Instructions for the task:
Among the entries below, take the line with "of the two coordinates" and the line with "(forall A, measurable A -> Q (a", and output them and every line between them exactly, with nothing else.

[Dataset entries]

(* Let $s\in\{0,1\}$, $s'=1-s$, let $\mathbf{T}_s$ be any transport map from $\mathcal{P}_s$ to $\mathcal{P}_{s'}$, let $\delta\ge0$, and let $f:\mathcal{X}\times\{0,1\}\to[0,1]$ be a measurable model. If $\Delta\mathrm{MDP}(f,\mathbf{T}_s)\le\delta$, then $\Delta\mathrm{WDP}(f)\le\delta$ and $\Delta\overline{\mathrm{DP}}(f)\le\delta$.
   Context: Setting: $(\mathbf{X},Y,S)$ is a random tuple with $\mathbf{X}\in\mathcal{X}\subset\mathbb{R}^d$ and binary sensitive attribute $S\in\{0,1\}$; $\mathcal{P}_s$ is the conditional distribution of $\mathbf{X}$ given $S=s$ (assumed absolutely continuous w.r.t. Lebesgue measure), $\mathbb{E}_s$ its expectation. A transport map from $\mathcal{P}_s$ to $\mathcal{P}_{s'}$ is a map $\mathbf{T}$ with $\mathbf{T}_{\#}\mathcal{P}_s=\mathcal{P}_{s'}$. $\mathcal{P}_{f_s}$ is the distribution of $f(\mathbf{X},s)$ with $\mathbf{X}\sim\mathcal{P}_s$. Definitions: $\Delta\mathrm{MDP}(f,\mathbf{T}_s):=\mathbb{E}_s|f(\mathbf{X},s)-f(\mathbf{T}_s(\mathbf{X}),s')|$; $\Delta\mathrm{WDP}(f):=\mathcal{W}(\mathcal{P}_{f_0},\mathcal{P}_{f_1})$ where $\mathcal{W}$ is the 1-Wasserstein distance $\mathcal{W}(\mathcal{Q}_1,\mathcal{Q}_2)=\inf_{\gamma}\mathbb{E}_{(x,y)\sim\gamma}|x-y|$ over couplings $\gamma$ of $\mathcal{Q}_1,\mathcal{Q}_2$; $\Delta\overline{\mathrm{DP}}(f):=|\mathbb{E}(f(\mathbf{X},0)\mid S=0)-\mathbb{E}(f(\mathbf{X},1)\mid S=1)|$. *)

From HB Require Import structures.
From mathcomp Require Import all_boot all_order all_algebra.
From mathcomp Require Import all_classical all_reals all_analysis.
Set Implicit Arguments. Unset Strict Implicit. Unset Printing Implicit Defensive.
Import Order.TTheory GRing.Theory Num.Theory.
Local Open Scope classical_set_scope.
Local Open Scope ring_scope.
Local Open Scope ereal_scope.

Definition coupling (R : realType) (Q1 Q2 : set R -> \bar R)
  (g : probability (R * R)%type R) : Prop :=
  (forall A : set R, measurable A -> g (fst @^-1` A) = Q1 A) /\
  (forall A : set R, measurable A -> g (snd @^-1` A) = Q2 A).

Definition W1 (R : realType) (Q1 Q2 : set R -> \bar R) : \bar R :=
  ereal_inf [set \int[g]_z (`|z.1 - z.2|%R)%:E | g in coupling Q1 Q2].

Definition law_f (d : measure_display) (T : measurableType d) (R : realType)
  (P : bool -> probability T R) (f : T -> bool -> R) (s : bool) : set R -> \bar R :=
  fun A => P s ((fun x => f x s) @^-1` A).

Definition DeltaMDP (d : measure_display) (T : measurableType d) (R : realType)
  (P : bool -> probability T R) (f : T -> bool -> R) (s : bool) (Ts : T -> T) : \bar R :=
  \int[P s]_x (`|f x s - f (Ts x) (~~ s)|%R)%:E.

Definition DeltaWDP (d : measure_display) (T : measurableType d) (R : realType)
  (P : bool -> probability T R) (f : T -> bool -> R) : \bar R :=
  W1 (law_f P f false) (law_f P f true).

Definition DeltaDPbar (d : measure_display) (T : measurableType d) (R : realType)
  (P : bool -> probability T R) (f : T -> bool -> R) : \bar R :=
  `| \int[P false]_x (f x false)%:E - \int[P true]_x (f x true)%:E |.

Definition transport_map (d : measure_display) (T : measurableType d) (R : realType)
  (P Q : probability T R) (Ts : T -> T) : Prop :=
  measurable_fun setT Ts /\
  forall A : set T, measurable A -> P (Ts @^-1` A) = Q A.

From HB Require Import structures.
From mathcomp Require Import all_boot all_order all_algebra.
From mathcomp Require Import all_classical all_reals all_analysis.
From mathcomp Require Import measurable_realfun.
Import Order.TTheory GRing.Theory Num.Theory.
Local Open Scope classical_set_scope.
Local Open Scope ring_scope.

(* The transport map couples X ~ P_s with T_s(X) ~ P_s', so the pair
   (f(X, s), f(T_s(X), s')) is a coupling of the two output laws whose cost
   is exactly ΔMDP; hence ΔWDP <= ΔMDP.  ΔDP-bar is the gap between the means
   of the two coordinates of the same coupling, which is at most the mean of
   their absolute difference. *)

Lemma W1_le_integral_dist (R : realType) (d : measure_display)
    (T : measurableType d) (Q : probability T R) (a b : T -> R)
    (Q1 Q2 : set R -> \bar R) :
  measurable_fun setT a -> measurable_fun setT b ->
  (forall A, measurable A -> Q (a @^-1` A) = Q1 A) ->
  (forall A, measurable A -> Q (b @^-1` A) = Q2 A) ->
  (W1 Q1 Q2 <= \int[Q]_x (`|a x - b x|)%:E)%E.
Proof.
move=> ma mb lawa lawb.
have mab : measurable_fun setT (fun x => (a x, b x)) by exact: measurable_fun_pair.
pose ab : {mfun T >-> (R * R)%type} :=
  HB.pack (fun x => (a x, b x)) (isMeasurableFun.Build _ _ _ _ _ mab).
apply: ereal_inf_lbound; exists (distribution Q ab).
  by split=> A mA; [exact: lawa | exact: lawb].
rewrite ge0_integral_pushforward //.
apply/measurable_EFinP; apply: measurableT_comp => //.
exact: measurable_funB.
Qed.

Lemma abse_integralB_le (R : realType) (d : measure_display)
    (T : measurableType d) (mu : measure T R) (a b : T -> R) :
  mu.-integrable setT (EFin \o a) -> mu.-integrable setT (EFin \o b) ->
  (`| \int[mu]_x (a x)%:E - \int[mu]_x (b x)%:E |
     <= \int[mu]_x (`|a x - b x|)%:E)%E.
Proof.
move=> ia ib; rewrite -integralB_EFin //; apply: le_abse_integral => //.
exact: emeasurable_funB (measurable_int _ ia) (measurable_int _ ib).
Qed.

Lemma unit_valued_integrable (R : realType) (d : measure_display)
    (T : measurableType d) (mu : probability T R) (h : T -> R) :
  measurable_fun setT h -> (forall x, 0 <= h x <= 1) ->
  mu.-integrable setT (EFin \o h).
Proof.
move=> mh h01; apply: measurable_bounded_integrable => //.
  by apply: le_lt_trans (probability_le1 _ _) _; rewrite ?ltry.
exists 1; split; first by [].
move=> M M1 x _; have /andP[h0 h1] := h01 x.
by rewrite /= ger0_norm // (le_trans h1) // ltW.
Qed.

Section TransportMap.
Context {R : realType} {d : measure_display} {T : measurableType d}.
Variables (P Q : probability T R) (Ts : T -> T).
Hypothesis transport_Ts : transport_map P Q Ts.

Lemma transport_map_preimage (d' : measure_display) (U : measurableType d')
    (h : T -> U) (A : set U) :
  measurable_fun setT h -> measurable A ->
  P ((h \o Ts) @^-1` A) = Q (h @^-1` A).
Proof.
move=> mh mA; case: transport_Ts => _ PTs; rewrite -PTs //.
by rewrite -[X in measurable X]setTI; exact: mh.
Qed.

Lemma transport_map_integral (h : T -> \bar R) :
  measurable_fun setT h -> (forall x, (0 <= h x)%E) ->
  (\int[Q]_x h x = \int[P]_x h (Ts x))%E.
Proof.
move=> mh h0; case: transport_Ts => mTs PTs.
rewrite (eq_measure_integral (pushforward P Ts)); last first.
  by move=> A mA _; symmetry; exact: PTs.
by rewrite ge0_integral_pushforward.
Qed.

End TransportMap.

Section TransportCoupling.
Context {R : realType} {d : measure_display} {T : measurableType d}.
Context {P : bool -> probability T R} {s : bool} {Ts : T -> T}
  {f : T -> bool -> R}.
Hypotheses (transport_Ts : transport_map (P s) (P (~~ s)) Ts)
  (mf : forall b, measurable_fun setT (fun x => f x b))
  (f01 : forall x b, 0 <= f x b <= 1).

Let measurable_f_transport : measurable_fun setT (fun x => f (Ts x) (~~ s)).
Proof. by case: transport_Ts => mTs _; exact: measurableT_comp (mf _) mTs. Qed.

Let law_f_transport (A : set R) : measurable A ->
  P s ((fun x => f (Ts x) (~~ s)) @^-1` A) = law_f P f (~~ s) A.
Proof. exact: transport_map_preimage. Qed.

Let DeltaMDP_swap :
  DeltaMDP P f s Ts = (\int[P s]_x (`|f (Ts x) (~~ s) - f x s|)%:E)%E.
Proof. by apply: eq_integral => x _; rewrite distrC. Qed.

Lemma W1_law_f_le_DeltaMDP :
  (W1 (law_f P f s) (law_f P f (~~ s)) <= DeltaMDP P f s Ts)%E.
Proof. exact: W1_le_integral_dist (mf s) measurable_f_transport _ _. Qed.

Lemma W1_law_f_swap_le_DeltaMDP :
  (W1 (law_f P f (~~ s)) (law_f P f s) <= DeltaMDP P f s Ts)%E.
Proof.
by rewrite DeltaMDP_swap; exact: W1_le_integral_dist measurable_f_transport (mf s) _ _.
Qed.

Let integral_f_transport :
  (\int[P (~~ s)]_x (f x (~~ s))%:E = \int[P s]_x (f (Ts x) (~~ s))%:E)%E.
Proof.
apply: transport_map_integral => //; first exact/measurable_EFinP.
by move=> x; rewrite lee_fin; case/andP: (f01 x (~~ s)).
Qed.

Let integrable_f : (P s).-integrable setT (EFin \o (fun x => f x s)).
Proof. exact: unit_valued_integrable. Qed.

Let integrable_f_transport :
  (P s).-integrable setT (EFin \o (fun x => f (Ts x) (~~ s))).
Proof. exact: unit_valued_integrable. Qed.

Lemma mean_gap_le_DeltaMDP :
  (`| \int[P s]_x (f x s)%:E - \int[P (~~ s)]_x (f x (~~ s))%:E |
     <= DeltaMDP P f s Ts)%E.
Proof. by rewrite integral_f_transport; exact: abse_integralB_le. Qed.

Lemma mean_gap_swap_le_DeltaMDP :
  (`| \int[P (~~ s)]_x (f x (~~ s))%:E - \int[P s]_x (f x s)%:E |
     <= DeltaMDP P f s Ts)%E.
Proof.
by rewrite integral_f_transport DeltaMDP_swap; exact: abse_integralB_le.
Qed.

End TransportCoupling.

Theorem mainTheorem5 (R : realType) (d : measure_display) (T : measurableType d)
  (P : bool -> probability T R) (s : bool) (Ts : T -> T) (delta : R)
  (f : T -> bool -> R) :
  transport_map (P s) (P (~~ s)) Ts ->
  (0 <= delta) ->
  (forall b, measurable_fun setT (fun x => f x b)) ->
  (forall x b, 0 <= f x b <= 1) ->
  (DeltaMDP P f s Ts <= delta%:E)%E ->
  (DeltaWDP P f <= delta%:E)%E /\ (DeltaDPbar P f <= delta%:E)%E.
Proof.
move=> transport_Ts _ mf f01 MDP_le.
have W1_le := W1_law_f_le_DeltaMDP transport_Ts mf.
have W1_swap_le := W1_law_f_swap_le_DeltaMDP transport_Ts mf.
have gap_le := mean_gap_le_DeltaMDP transport_Ts mf f01.
have gap_swap_le := mean_gap_swap_le_DeltaMDP transport_Ts mf f01.
rewrite /DeltaWDP /DeltaDPbar; split; apply: le_trans MDP_le.
- by case: s {transport_Ts gap_le gap_swap_le} W1_le W1_swap_le.
- by case: s {transport_Ts W1_le W1_swap_le} gap_le gap_swap_le.
Qed.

[/Dataset entries]

Task solution:
   of the two coordinates of the same coupling, which is at most the mean of
   their absolute difference. *)

Lemma W1_le_integral_dist (R : realType) (d : measure_display)
    (T : measurableType d) (Q : probability T R) (a b : T -> R)
    (Q1 Q2 : set R -> \bar R) :
  measurable_fun setT a -> measurable_fun setT b ->
  (forall A, measurable A -> Q (a @^-1` A) = Q1 A) ->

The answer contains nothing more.